## WORK REQUEST
Repeat only the lines from the one holding "(forall i, i" down to the last line of the listing below, including both of those lines.

## RECORDS FOR PROCESSING
....

(* Let $g\ge 1$, let $\mathfrak{m}_g$ be a rooted unicellular map of genus $g$, and let $\mathfrak{p}=((\mathfrak{m}_{g},\tau),(\mathfrak{m}_{g_1},\tau_1),\ldots,(\mathfrak{m}_{g_{r-1}},\tau_{r-1}),(\mathfrak{m}_0,\varnothing))$ be a blueprint of $\mathfrak{m}_g$ consisting of $r$ slicings. Then $1\le r\le g$, and the planar tree $\mathfrak{m}_0$ equipped with the induced vertex labels $(\sigma_v)_v$, $\sigma_v\in\mathbb{F}_2^r$ (defined in the context), is a $\lambda$-tree. In particular, $(\mathfrak{m}_g,\mathfrak{p})$ induces a unique $\lambda$-tree $\mathfrak{m}_0^{(\sigma_v)_v}$.
   Context: A rooted unicellular map with $m$ edges is given by permutations $\sigma$, $\alpha$ on the half-edge set $H=[2m]$, where $\alpha$ is a fixed-point-free involution (edges), the cycles of $\sigma$ are the vertices (with $\sigma$ encoding counterclockwise rotation around a vertex), and $\gamma=\alpha\circ\sigma$ has exactly one cycle (the boundary component); one half-edge is distinguished as the root. Its genus $g$ is given by $v-m+1=2-2g$, $v$ the number of vertices; genus $0$ means a rooted planar tree. The order $<_\gamma$ on half-edges is the order of appearance along the cycle $\gamma$ starting from the root; vertices are compared via their $<_\gamma$-minimal half-edges. A trisection is a half-edge $\tau$ with $\tau\le_\gamma\sigma^{-1}(\tau)$ which is not the $<_\gamma$-minimal half-edge of its vertex; a map of genus $g$ has exactly $2g$ trisections. Slicing (Chapuy, ''A new combinatorial identity for unicellular maps, via a direct bijective approach'', 2011): given a unicellular map $\mathfrak{m}$ of genus $g'$ and a trisection $\tau$, Chapuy's slicing map $\Xi$ yields $\Xi(\mathfrak{m},\tau)=(\mathfrak{m}',v_1,\ldots,v_{2k+1})$, where $k\ge 1$, $\mathfrak{m}'$ is a unicellular map of genus $g'-k$, and $v_1,\ldots,v_{2k+1}$ are the vertices of $\mathfrak{m}'$ created by slicing the vertex of $\tau$, ordered by $<_\gamma$; $\Xi$ is a bijection whose inverse is the gluing map $\Lambda$. A blueprint of $(\mathfrak{m}_g,\tau)$ is a sequence $((\mathfrak{m}_{g},\tau),(\mathfrak{m}_{g_1},\tau_1),\ldots,(\mathfrak{m}_{g_{r-1}},\tau_{r-1}),(\mathfrak{m}_0,\varnothing))$ where each $\tau_i$ is a trisection of $\mathfrak{m}_{g_i}$ ($\mathfrak{m}_{g_0}=\mathfrak{m}_g,\tau_0=\tau$), $(\mathfrak{m}_{g_{i+1}},V_{i+1})=\Xi(\mathfrak{m}_{g_i},\tau_i)$ for $0\le i<r$ ($V_{i+1}$ the set of created vertices; this is the $(i+1)$-st slicing), and $\mathfrak{m}_{g_r}=\mathfrak{m}_0$ has genus $0$. A blueprint of $\mathfrak{m}_g$ is a blueprint of $(\mathfrak{m}_g,\tau)$ for some trisection $\tau$. Induced labels: a vertex of $\mathfrak{m}_0$ is involved in the $s$-th slicing if it is one of the vertices of $V_s$ or arises from one of them by later slicings. First give each vertex $v$ of $\mathfrak{m}_0$ the label $\sigma'_v\in\mathbb{F}_2^r$ whose $s$-th coordinate is $1$ iff $v$ is involved in the $s$-th slicing. Then reduce: for $i=r,r-1,\ldots,2$ in turn, for every vertex $v$ with $\sigma_v|_i=1$ that is not the $<_\gamma$-minimal vertex among the vertices $u$ with $\sigma_u|_i=1$ (''regular at $i$''), set $\sigma_v|_h=0$ for all $h<i$; the resulting labels are $(\sigma_v)_v$. $\lambda$-tree: a rooted planar tree with boundary component $\gamma$ in which each vertex $v$ carries a label $\sigma_v\in\mathbb{F}_2^r$ such that (i) $\sum_{v,h}\sigma_v|_h=2g+r$ (counting the entries equal to $1$), where $1\le r\le g$; (ii) for each $h$, the number of vertices $v$ with $\sigma_v|_h=1$ is odd; (iii) for $h<i$, at most one vertex $v$ has $\sigma_v|_h=\sigma_v|_i=1$, and any such vertex is $<_\gamma$-minimal among all vertices $u$ with $\sigma_u|_i=1$. *)

From mathcomp Require Import all_boot all_fingroup.
Set Implicit Arguments. Unset Strict Implicit. Unset Printing Implicit Defensive.

(* A (candidate) rooted map on the half-edge set H = 'I_n (n = 2m). *)
Record umap (n : nat) := UMap { sg : {perm 'I_n}; al : {perm 'I_n}; root : 'I_n }.

Section Maps.
Variable n : nat.
Implicit Types (M : umap n) (h : 'I_n).

(* gamma = alpha o sigma (apply sigma first); in mathcomp (s * t) x = t (s x) *)
Definition gamma M : {perm 'I_n} := (sg M * al M)%g.

Definition is_umap M : bool :=
  [&& [forall h, al M (al M h) == h], [forall h, al M h != h]
    & #|porbits (gamma M)| == 1].

(* v - m + 1 = 2 - 2g, with v = #vertices, m = n/2 edges *)
Definition genus M : nat := (n./2 + 1 - #|porbits (sg M)|)./2.

(* position along the tour gamma, starting at the root: defines <_gamma *)
Definition pos M h : nat := findex (gamma M) (root M) h.

Definition is_vmin M h : bool :=
  [forall h' in porbit (sg M) h, pos M h <= pos M h'].

Definition trisection M h : bool :=
  (pos M h <= pos M ((sg M)^-1%g h)) && ~~ is_vmin M h.

(* key of a vertex (set of half-edges): position of its minimal half-edge;
   vertices are compared via these keys *)
Definition vkey M (v : {set 'I_n}) : nat := \big[minn/n]_(h in v) pos M h.

Definition vmin_set M (V : {set {set 'I_n}}) : {set 'I_n} :=
  [set h | (porbit (sg M) h \in V) && is_vmin M h].
Definition glue_seq M (V : {set {set 'I_n}}) : seq 'I_n :=
  sort (fun a b => pos M a <= pos M b) (enum (vmin_set M V)).

(* Chapuy's gluing Lambda(M', V) = (M, t): with a_1 <_gamma ... <_gamma a_{2k+1}
   the minimal half-edges of the glued vertices, sigma = sigma' o (a_1 ... a_{2k+1}),
   same alpha and root, and the resulting trisection is a_{2k+1}. *)
Definition gluing M' (V : {set {set 'I_n}}) M (t : 'I_n) : Prop :=
  [/\ al M = al M', root M = root M',
      (forall x, sg M x = sg M' (next (glue_seq M' V) x))
    & t = last (root M') (glue_seq M' V)].

(* Xi(M, t) = (M', V) : the inverse of the gluing map *)
Definition slicing M (t : 'I_n) M' (V : {set {set 'I_n}}) : Prop :=
  [/\ is_umap M', V \subset porbits (sg M'), odd #|V| && (3 <= #|V|),
      genus M' + (#|V|).-1./2 = genus M
    & gluing M' V M t].

(* blueprint with r slicings: Ms 0 = M, (Ms i.+1, Vs i) = Xi(Ms i, ts i),
   (Vs i is the set V_{i+1} of created vertices), Ms r of genus 0 *)
Definition blueprint M (r : nat) (Ms : nat -> umap n) (ts : nat -> 'I_n)
    (Vs : nat -> {set {set 'I_n}}) : Prop :=
  [/\ Ms 0 = M,
      (forall i, i < r -> trisection (Ms i) (ts i) /\
                          slicing (Ms i) (ts i) (Ms i.+1) (Vs i))
    & genus (Ms r) = 0].

(* labels: vertex (set of half-edges) -> coordinate h (1 <= h <= r) -> bit *)
Definition labeling := {set 'I_n} -> nat -> bool.

Definition min_at (T : umap n) (L : labeling) (i : nat) (u : {set 'I_n}) : bool :=
  [forall w in porbits (sg T), L w i ==> (vkey T u <= vkey T w)].

(* initial labels sigma'_v: v involved in slicing s iff v arises from a
   vertex of V_s, i.e. its half-edges lie in the union of V_s *)
Definition init_labels (r : nat) (Vs : nat -> {set {set 'I_n}}) : labeling :=
  fun u (s : nat) => (1 <= s <= r) && (u \subset cover (Vs s.-1)).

....

## WRITTEN ANSWER
      (forall i, i < r -> trisection (Ms i) (ts i) /\
                          slicing (Ms i) (ts i) (Ms i.+1) (Vs i))
    & genus (Ms r) = 0].

(* labels: vertex (set of half-edges) -> coordinate h (1 <= h <= r) -> bit *)
Definition labeling := {set 'I_n} -> nat -> bool.

Definition min_at (T : umap n) (L : labeling) (i : nat) (u : {set 'I_n}) : bool :=
  [forall w in porbits (sg T), L w i ==> (vkey T u <= vkey T w)].

(* initial labels sigma'_v: v involved in slicing s iff v arises from a
   vertex of V_s, i.e. its half-edges lie in the union of V_s *)
Definition init_labels (r : nat) (Vs : nat -> {set {set 'I_n}}) : labeling :=
  fun u (s : nat) => (1 <= s <= r) && (u \subset cover (Vs s.-1)).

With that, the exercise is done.